ColdFusion CFDOCUMENT with links to other PDFs

713 views Asked by At

I am creating a PDF using the cfdocument tag at the moment. The PDF is not much more than a bunch of links to other PDFs.

So I create this PDF index and the links are all HREFs

<a href="Another_PDF.pdf">Another PDF</a>

if I set the localURL attribute to "no" my URLs have the whole web path in them:

<a href="http://www.mywebsite.com/media/PDF/Another_PDF.pdf">Another PDF</a>

if I set the localURL attribute to "yes" then I get:

<a href="File:/D:/website/media/PDF/Another_PDF.pdf">Another PDF</a>

So this index PDF is going to go onto a CD and all of the linked PDFs are going to sit right next to it so I need a relative link ... more like:

<a href="Another_PDF.pdf">Another PDF</a>

cfdocument does not seem to do this. I can modify the file name of the document and make it "File:///Another_PDF.pdf" but this does not work either because I don't know the driveletter of the CD drive ... or if the files are going to end up inside a directory on the CD.

Is there a way (possibly using iText or something) of opening up the PDF once it is created and converting the URL links to actual PDF GoTo tags?

I know this is kind of a stretch but I am at my wits end with this.
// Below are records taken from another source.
(* Let $p\ge 2$ and let $\mathbb{F}_p$ be a binary floating-point format with unit roundoff $u=2^{-p}$. Let $t\ge1$ and $s_A,s_B\ge1$ be integers, and let $A\in\mathbb{F}_p^{m\times k}$, $B\in\mathbb{F}_p^{k\times n}$ have all entries nonzero. With the scale factors $\alpha,\beta$ and integer slices $A_{(\ell)}$, $B^{(h)}$ defined in the context, let $$C'=\alpha\beta^T\circ\sum_{\substack{1\le\ell\le s_A,\ 1\le h\le s_B\\ \ell+h\le\max(s_A,s_B)+1}}2^{-(\ell+h)t}A_{(\ell)}B^{(h)},$$ a sum of $\chi(s_A,s_B)=s_m(2s_M-s_m+1)/2$ matrices, where $s_M=\max(s_A,s_B)$, $s_m=\min(s_A,s_B)$. Suppose $\hat C'$ is computed by forming each such product $A_{(\ell)}B^{(h)}$ exactly, converting it exactly to $\mathbb{F}_p$ and scaling it exactly by $2^{-(\ell+h)t}$ and $\alpha\beta^T$, and adding the resulting $\psi=\chi(s_A,s_B)$ matrices entrywise in floating-point arithmetic (in any order) satisfying $\mathrm{fl}(x+y)=(x+y)(1+\delta)$, $|\delta|\le u$, with no overflow or underflow, and $\psi u<1$. Then, entrywise: if $s_A\le s_B$, $$|AB-\hat C'|\le\bigl(\zeta_{A,B}+2^{-s_Bt}s_A\kappa_A\kappa_B+\gamma_\psi(1+\zeta_{A,B}+2^{-s_Bt}s_A\kappa_A\kappa_B)\bigr)|A|\,|B|,$$ and if $s_A>s_B$, $$|AB-\hat C'|\le\bigl(\zeta_{A,B}+2^{-s_At}s_B\kappa_A\kappa_B+\gamma_\psi(1+\zeta_{A,B}+2^{-s_At}s_B\kappa_A\kappa_B)\bigr)|A|\,|B|,$$ where $\zeta_{A,B}=2^{-s_At}\kappa_A+2^{-s_Bt}\kappa_B+2^{-(s_A+s_B)t}\kappa_A\kappa_B$ and $\gamma_j=ju/(1-ju)$.
   Context: Absolute values of matrices and inequalities between matrices are entrywise; $\circ$ is the Hadamard product. For $x\in\mathbb{R}$, $[x]$ denotes truncation toward zero. Scale factors: $\alpha_i$ is the smallest power of two strictly larger than $\max_{1\le j\le k}|a_{ij}|$, and $\beta_j$ is the smallest power of two strictly larger than $\max_{1\le i\le k}|b_{ij}|$. Slices: $A_{(\ell)}=\bigl[2^{\ell t}\bigl(\mathrm{diag}(\alpha)^{-1}A-\sum_{r=1}^{\ell-1}2^{-rt}A_{(r)}\bigr)\bigr]$ for $\ell=1,\dots,s_A$, and $B^{(h)}=\bigl[2^{ht}\bigl(B\,\mathrm{diag}(\beta)^{-1}-\sum_{r=1}^{h-1}2^{-rt}B^{(r)}\bigr)\bigr]$ for $h=1,\dots,s_B$, applied entrywise. Scaling measures: $\kappa_A=2\max_i\frac{\max_j|a_{ij}|}{\min_j|a_{ij}|}$ and $\kappa_B=2\max_j\frac{\max_i|b_{ij}|}{\min_i|b_{ij}|}$. *)

From HB Require Import structures.
From mathcomp Require Import all_boot all_order all_algebra.
Set Implicit Arguments. Unset Strict Implicit. Unset Printing Implicit Defensive.
Import Order.TTheory GRing.Theory Num.Theory.
Local Open Scope ring_scope.

Section Defs.
Variable R : archiRealFieldType.

(* Binary floating-point format F_p with p-bit significand, unbounded
   exponent range (the theorem assumes no overflow/underflow). *)
Definition is_fp (p : nat) (x : R) : Prop :=
  exists (M e : int), x = M%:~R * (2 : R) ^ e /\ (absz M < 2 ^ p)%N.

Definition unit_roundoff (p : nat) : R := (2 : R) ^- p.

Definition gamma (u : R) (j : nat) : R := (j%:R * u) / (1 - j%:R * u).

Definition trunc0 (x : R) : R :=
  if 0 <= x then (Num.floor x)%:~R else - (Num.floor (- x))%:~R.

Definition smallest_pow2_above (x y : R) : Prop :=
  [/\ exists e : int, y = (2 : R) ^ e,
      x < y &
      forall e : int, x < (2 : R) ^ e -> y <= (2 : R) ^ e].

(* slices x n = [:: x_(1); ...; x_(n)] where
   x_(l) = [ 2^(l t) (x - \sum_(r=1)^(l-1) 2^(-r t) x_(r)) ]  *)
Fixpoint slices (t : nat) (x : R) (n : nat) : seq R :=
  match n with
  | 0 => [::]
  | n'.+1 =>
      let s := slices t x n' in
      rcons s (trunc0 ((2 : R) ^+ (n'.+1 * t) *
                 (x - \sum_(r < n') (2 : R) ^- (r.+1 * t) * s`_r)))
  end.

Definition slice (t : nat) (x : R) (l : nat) : R := (slices t x l)`_(l.-1).

Definition Aslice m k (t : nat) (alpha : 'I_m -> R) (A : 'M[R]_(m, k)) (l : nat)
  : 'M[R]_(m, k) := \matrix_(i, j) slice t (A i j / alpha i) l.

Definition Bslice k n (t : nat) (beta : 'I_n -> R) (B : 'M[R]_(k, n)) (h : nat)
  : 'M[R]_(k, n) := \matrix_(i, j) slice t (B i j / beta j) h.

Definition rowmax m k (A : 'M[R]_(m, k)) (i : 'I_m) : R :=
  \big[Num.max/0]_(j < k) `|A i j|.
(* minimum of |a_ij| over j (k >= 1); the default value rowmax is >= every
   entry, so it does not affect the minimum of a nonempty row *)
Definition rowmin m k (A : 'M[R]_(m, k)) (i : 'I_m) : R :=
  \big[Num.min/rowmax A i]_(j < k) `|A i j|.
Definition colmax k n (B : 'M[R]_(k, n)) (j : 'I_n) : R :=
  \big[Num.max/0]_(i < k) `|B i j|.
Definition colmin k n (B : 'M[R]_(k, n)) (j : 'I_n) : R :=
  \big[Num.min/colmax B j]_(i < k) `|B i j|.

Definition kappaA m k (A : 'M[R]_(m, k)) : R :=
  2 * \big[Num.max/0]_(i < m) (rowmax A i / rowmin A i).
Definition kappaB k n (B : 'M[R]_(k, n)) : R :=
  2 * \big[Num.max/0]_(j < n) (colmax B j / colmin B j).

(* floating-point summation in any order: fl_sum p l s means that s can be
   obtained by adding the values in the list l (in any order and any
   parenthesization) where every addition satisfies
   fl(x+y) = (x+y)(1+d), |d| <= u = 2^-p, with result in F_p. *)
Inductive fl_sum (p : nat) : seq R -> R -> Prop :=
| fl_sum_leaf x : fl_sum p [:: x] x
| fl_sum_node l l1 l2 s1 s2 d :
    perm_eq l (l1 ++ l2) -> fl_sum p l1 s1 -> fl_sum p l2 s2 ->
    `|d| <= unit_roundoff p -> is_fp p ((s1 + s2) * (1 + d)) ->
    fl_sum p l ((s1 + s2) * (1 + d)).

End Defs.

Definition slice_pairs (sA sB : nat) : seq (nat * nat) :=
  [seq lh <- [seq (l, h) | l <- iota 1 sA, h <- iota 1 sB]
     | (lh.1 + lh.2 <= maxn sA sB + 1)%N].

Definition chi (sA sB : nat) : nat :=
  ((minn sA sB) * (2 * maxn sA sB - minn sA sB + 1)) %/ 2.

(* With x = a_ik / alpha_i and y = b_kj / beta_j, the choice of the scale factors puts x
   and y in (-1, 1).  Truncation toward zero never overshoots, so the slices expand
   x = sum_(l <= N) 2^(-lt) x_(l) + r_N(x) with |x| = sum_(l <= N) 2^(-lt) |x_(l)| +
   |r_N(x)| and |r_N(x)| <= 2^(-Nt).  Against the kept products (l + h <= max(sA, sB) + 1), x y
   leaves the residual terms r_sA(x) y and (x - r_sA(x)) r_sB(y), at most 2^(-sA t)|y|
   and 2^(-sB t)|x|, and, for at most min(sA, sB) values of l, a dropped tail of size at
   most 2^(-lt) 2^(-(max(sA, sB) - l)t).  Undoing the scaling costs kappa_A and kappa_B,
   since alpha_i <= kappa_A |a_ik| and beta_j <= kappa_B |b_kj|.  The floating-point
   sum of the psi terms adds gamma_psi times the sum of their absolute values, which is
   at most (|A| |B|)_ij; the stated bound is a weakening of the resulting one. *)

From Pilot Require Import Defs.
From HB Require Import structures.
From mathcomp Require Import all_boot all_order all_algebra.
From mathcomp Require Import zify ring lra.
Set Implicit Arguments. Unset Strict Implicit. Unset Printing Implicit Defensive.
Import Order.TTheory GRing.Theory Num.Theory.
Local Open Scope ring_scope.

Section Slices.
Variables (R : archiRealFieldType) (t : nat).
Implicit Types x y : R.

Definition weight (n : nat) : R := (2 : R) ^- (n * t).

Lemma weight_gt0 n : 0 < weight n.
Proof. by rewrite invr_gt0 exprn_gt0. Qed.

Lemma weightD a b : weight (a + b) = weight a * weight b.
Proof. by rewrite /weight mulnDl exprD invfM. Qed.

Lemma weight0 : weight 0 = 1.
Proof. by rewrite /weight mul0n expr0 invr1. Qed.

Lemma trunc0_bounds y :
  `|y| = `|Defs.trunc0 y| + `|y - Defs.trunc0 y| /\ `|y - Defs.trunc0 y| <= 1.
Proof.
rewrite /Defs.trunc0; have [y_ge0 | y_lt0] := leP 0 y.
  have y_ge := floor_le y; have y_lt := floorD1_gt y; rewrite intrD in y_lt.
  have fl_ge0 : 0 <= (Num.floor y)%:~R :> R by rewrite ler0z floor_ge0.
  rewrite (ger0_norm y_ge0) (ger0_norm fl_ge0) ger0_norm ?subr_ge0 //.
  by split; [ring | lra].
have y_ge := floor_le (- y); have y_lt := floorD1_gt (- y); rewrite intrD in y_lt.
have fl_ge0 : 0 <= (Num.floor (- y))%:~R :> R by rewrite ler0z floor_ge0 oppr_ge0 ltW.
rewrite (ltr0_norm y_lt0) normrN (ger0_norm fl_ge0) ler0_norm; last by lra.
by split; [ring | lra].
Qed.

Definition scaled_slice x l := weight l * slice t x l.

Definition residual x N := x - \sum_(r < N) scaled_slice x r.+1.

Lemma residual0 x : residual x 0 = x.
Proof. by rewrite /residual big_ord0 subr0. Qed.

Lemma residualS x N : residual x N.+1 = residual x N - scaled_slice x N.+1.
Proof. by rewrite /residual big_ord_recr /=; ring. Qed.

Lemma size_slices x N : size (slices t x N) = N.
Proof. by elim: N => //= N IH; rewrite size_rcons IH. Qed.

Lemma nth_slices x N r : (r < N)%N -> (slices t x N)`_r = slice t x r.+1.
Proof.
elim: N => // N IH; rewrite ltnS leq_eqVlt => /orP[/eqP-> // | lt_rN].
by rewrite /= nth_rcons size_slices lt_rN IH.
Qed.

Lemma sliceS x N : slice t x N.+1 = Defs.trunc0 ((2 : R) ^+ (N.+1 * t) * residual x N).
Proof.
rewrite /slice /= nth_rcons size_slices ltnn eqxx /residual.
by congr (Defs.trunc0 (_ * (_ - _))); apply: eq_bigr => r _; rewrite nth_slices.
Qed.

Lemma sum_scaled_slices x N : \sum_(r < N) scaled_slice x r.+1 = x - residual x N.
Proof. by rewrite /residual opprB addrC subrK. Qed.

Lemma normr_residualS x N :
  `|residual x N| = `|scaled_slice x N.+1| + `|residual x N.+1| /\
  `|residual x N.+1| <= weight N.+1.
Proof.
pose y := (2 : R) ^+ (N.+1 * t) * residual x N.
have w_gt0 := weight_gt0 N.+1.
have wK : weight N.+1 * (2 : R) ^+ (N.+1 * t) = 1.
  by rewrite mulVf // expf_neq0 // pnatr_eq0.
have res_y : residual x N = weight N.+1 * y by rewrite mulrA wK mul1r.
rewrite residualS /scaled_slice sliceS -/y res_y -mulrBr.
have [y_split y_trunc] := trunc0_bounds y; clearbody y.
rewrite !normrM (gtr0_norm w_gt0) y_split; split; first by ring.
by rewrite ler_piMr ?(ltW w_gt0).
Qed.

Lemma normr_residual_le x N : `|x| <= 1 -> `|residual x N| <= weight N.
Proof.
by case: N => [|N] x_le1; [rewrite residual0 weight0 | case: (normr_residualS x N)].
Qed.

Lemma normr_scaled_slice_le x l : `|x| <= 1 -> `|scaled_slice x l.+1| <= weight l.
Proof.
move=> x_le1; apply: le_trans (normr_residual_le l x_le1).
by case: (normr_residualS x l) => -> _; rewrite lerDl.
Qed.

Lemma sum_normr_scaled_slice_from x a N :
  \sum_(r < N | (a <= r)%N) `|scaled_slice x r.+1| =
  `|residual x a| - `|residual x (maxn N a)|.
Proof.
elim: N => [|N IH]; first by rewrite big_ord0 max0n subrr.
rewrite big_mkcond big_ord_recr /= -big_mkcond IH.
case: leqP => [le_aN | lt_Na].
  rewrite !(maxn_idPl _) ?(leqW le_aN) //.
  by case: (normr_residualS x N) => -> _; ring.
by rewrite !(maxn_idPr _) ?addr0 // ltnW.
Qed.

Lemma sum_normr_scaled_slice_le x N :
  \sum_(r < N) `|scaled_slice x r.+1| <= `|x|.
Proof.
have := sum_normr_scaled_slice_from x 0 N.
rewrite (eq_bigl xpredT) // residual0 maxn0 => ->.
by rewrite lerBlDr lerDl.
Qed.

End Slices.

Section SlicePairs.
Variables (T : Type) (idx : T) (op : Monoid.com_law idx).

Lemma big_iota1 n (G : nat -> T) :
  \big[op/idx]_(l <- iota 1 n) G l = \big[op/idx]_(l < n) G l.+1.
Proof.
rewrite -(big_mkord xpredT (fun l => G l.+1)) /index_iota subn0.
by rewrite -[1%N]/(1 + 0)%N iotaDl big_map.
Qed.

Lemma big_slice_pairs sA sB (F : nat * nat -> T) :
  \big[op/idx]_(lh <- slice_pairs sA sB) F lh =
  \big[op/idx]_(l < sA) \big[op/idx]_(h < sB | (l + h < maxn sA sB)%N)
     F (l.+1, h.+1).
Proof.
rewrite big_filter big_mkcond big_allpairs big_iota1.
apply: eq_bigr => l _; rewrite big_iota1 [RHS]big_mkcond.
apply: eq_bigr => h _ /=.
by rewrite (_ : (l.+1 + h.+1 <= _)%N = (l + h < maxn sA sB)%N) //; lia.
Qed.

End SlicePairs.

Lemma size_slice_pairsC sA sB :
  size (slice_pairs sA sB) = size (slice_pairs sB sA).
Proof.
rewrite -!sum1_size !big_slice_pairs; under eq_bigr do rewrite big_mkcond.
rewrite exchange_big /= maxnC; apply: eq_bigr => h _.
by rewrite [RHS]big_mkcond; apply: eq_bigr => l _; rewrite addnC.
Qed.

Lemma sum_count_lt b c : (\sum_(h < b | (h < c)%N) 1 = minn b c)%N.
Proof.
elim: b => [|b IH]; first by rewrite big_ord0 min0n.
by rewrite big_mkcond big_ord_recr /= -big_mkcond IH; case: ltnP; lia.
Qed.

Lemma double_sum_subn n b : (n <= b)%N ->
  (2 * \sum_(l < n) (b - l) = n * (2 * b - n + 1))%N.
Proof.
elim: n => [|n IH] le_nb; first by rewrite big_ord0.
rewrite big_ord_recr /= mulnDr IH 1?ltnW //.
have -> : (2 * b - n + 1 = b - n + b + 1)%N by lia.
have -> : (2 * b - n.+1 + 1 = b - n + b)%N by lia.
have : (n + (b - n) = b)%N by lia.
by move: (b - n)%N => d <-; nia.
Qed.

Lemma size_slice_pairs sA sB : size (slice_pairs sA sB) = chi sA sB.
Proof.
wlog le_AB : sA sB / (sA <= sB)%N.
  move=> wlog_le; case: (leqP sA sB) => [/wlog_le // | /ltnW/wlog_le].
  by rewrite size_slice_pairsC /chi minnC maxnC.
rewrite -sum1_size big_slice_pairs /chi (maxn_idPr le_AB) (minn_idPl le_AB).
have count_l (l : 'I_sA) : (\sum_(h < sB | l + h < sB) 1 = sB - l)%N.
  rewrite (eq_bigl (fun h : 'I_sB => h < sB - l)%N) ?sum_count_lt => [|h]; lia.
by rewrite (eq_bigr _ (fun l _ => count_l l)) -double_sum_subn ?mulKn.
Qed.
So I've managed to get into the Objects but I'm still struggling with.

Converting from:

5 0 obj<</C[0 0 1]/Border[0 0 0]/A<</URI(File:///75110_002.PDF)/S/URI>>/Subtype/Link/Rect[145 502 184 513]>>endobj

To this:

19 0 obj<</SGoToR/D[0/XYZ null null 0]/F(75110_002.PDF)>>endobj 
20 0 obj<</Subtype/Link/Rect[145 502 184 513]/Border[0 0 0]/A 19 0 R>>endobj 

Wow this is really kicking my ass! :)

So I've managed to get the document open, loop through the Link Annotations, capture the Rect co-ordinates and the linked to document name (saved into an array of Structures) and then successfully deleted the Annotation which was a URI Link.

So now I thought I could now loop over that array of structures and put the Annotations back into the document using the createLink method or the setAction method. But all the examples I've seen of these methods are attached to a Chunk (of text). But my document already has the Text in place so I don't need to remake the text links I just need to put the Links back in in the same spot.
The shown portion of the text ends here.